Tabi yeri gelmişken, Burano’yu abartısız övdüğüm yazımı okumak isterseniz, buraya tıklayabilirsiniz.
Nasıl Gidilir?
Yazının başında biraz çıtlattım ama daha detaylı açıklamak istiyorum. Paris metrosunun M1 ya da M14 hatlarından, RER’ünse RER-A ya da RER-D hatlarından biriyle Gare de Lyon‘a gidebilirsiniz. Garın ana kapısından çıkınca meydanın karşısındaki Restaurant l’Européen’ın olduğu köşeden Rue de Lyon‘a girip Bastille Meydanı’na doğru ilerlerken 150-200 metre sonra solunuzda Rue Crémieux’yü göreceksiniz.
Adres: 6 Rue Crémieux
75012 Paris
France
Not: İnanmak istemeseniz de sokaktaki evlerde yaşayan birileri var. Dolayısıyla 3-5 beğeni uğruna insanların evlerine yapışıp fotoğraf çekilerek yerli halk nefreti kazanmamaya çalışırsanız iyi olabilir.

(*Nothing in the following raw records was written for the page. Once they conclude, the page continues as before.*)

Theorem lemma8 (N : nat) (c : nat -> R) (f : R -> R) (lam : R) (xi : nat -> R)
  (HN : (2 <= N)%nat)
  (Hc : forall i, (i < N)%nat -> c i < c (S i))
  (HfX : forall x, inX c N x -> inX c N (f x))
  (H1 : P1 c N f lam) (H2 : P2 c N f lam) (H3 : P3 c N f)
  (H4 : P4 c N f lam) (H5 : P5 c N f lam) (H6 : P6 c N f)
  (Hxi : well_cutting c N f lam xi) :
  (* strictly increasing *)
  (forall x y, inX c N x -> inX c N y -> x < y -> phi lam xi x < phi lam xi y) /\
  (* left-continuous on [c0,cN] *)
  (forall x, inX c N x -> forall eps, 0 < eps -> exists delta, 0 < delta /\
     forall y, inX c N y -> x - delta < y <= x ->
       Rabs (phi lam xi y - phi lam xi x) < eps) /\
  (* continuous on [c0,cN] \ {xi_r}_{r>=1} *)
  (forall x, inX c N x -> (forall r, (1 <= r)%nat -> x <> xi r) ->
     forall eps, 0 < eps -> exists delta, 0 < delta /\
     forall y, inX c N y -> Rabs (y - x) < delta ->
       Rabs (phi lam xi y - phi lam xi x) < eps) /\
  (* right limits at xi_r *)
  (forall r, (1 <= r)%nat -> forall eps, 0 < eps -> exists delta, 0 < delta /\
     forall y, inX c N y -> xi r < y < xi r + delta ->
       Rabs (phi lam xi y - (phi lam xi (xi r) + lam ^ r)) < eps) /\
  (* image *)
  (forall y, (exists x, inX c N x /\ phi lam xi x = y) <->
     (phi lam xi (c 0%nat) <= y <= phi lam xi (c N) /\
      forall r, (1 <= r)%nat -> ~ Gr lam xi r y)) /\
  (* closures of the G_r pairwise disjoint *)
  (forall r l, (1 <= r)%nat -> (1 <= l)%nat -> r <> l ->
     forall y, ~ (cl (Gr lam xi r) y /\ cl (Gr lam xi l) y)).
Proof.
  destruct Hxi as [Horbit [_ [HXt _]]].
  assert (Hlam : 0 < lam < 1) by apply (proj1 (proj2 H1)).
  assert (Hinj : forall r l, (1 <= r)%nat -> (1 <= l)%nat -> xi r = xi l -> r = l).
  { intros r l _ _. rewrite (Horbit r), (Horbit l). apply (Xt_orbit_injective c N f lam); assumption. }
  assert (HX : c 0%nat <= c N) by (destruct (HXt 0%nat) as [[? ?] _]; simpl in *; lra).
  split; [|split; [|split; [|split; [|split]]]].
  - intros x y _ _. apply phi_lt; exact Hlam.
  - intros x _ eps He.
    destruct (phi_left_continuous lam xi Hlam Hinj x eps He) as [d [Hd H]].
    exists d. split; [exact Hd|]. intros y _. apply H.
  - intros x _ Hx eps He.
    destruct (phi_continuous_off_orbit lam xi Hlam x Hx eps He) as [d [Hd H]].
    exists d. split; [exact Hd|]. intros y _. apply H.
  - intros r Hr eps He.
    destruct (phi_right_limit lam xi Hlam Hinj r Hr eps He) as [d [Hd H]].
    exists d. split; [exact Hd|]. intros y _. apply H.
  - intros y. split.
    + intros [x [[Hx0 HxN] <-]]. split; [split; apply phi_le; assumption|].
      intros r Hr. apply phi_image_avoids_gaps; assumption.
    + intros [Hy Hgaps]. apply (phi_image_onto lam xi Hlam Hinj); assumption.
  - intros r l Hr Hl Hrl y. apply cl_Gr_disjoint; assumption.
Qed.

Not: Az önceki notta bahsettiğim sebepten dolayı bu sokakta öyle saatlerinizi geçireceğiniz bir durum yok. Eğer Gare de Lyon tarafında kalıyorsanız geçerken bir uğrarsınız; ama başka bir yerden gelecekseniz burayı gördükten sonra Bastille Operasının olduğu Bastille Meydanını da görmeyi planınıza dahil edebilirsiniz. Hatta devamında da Marais bölgesini alt üst edebilirsiniz.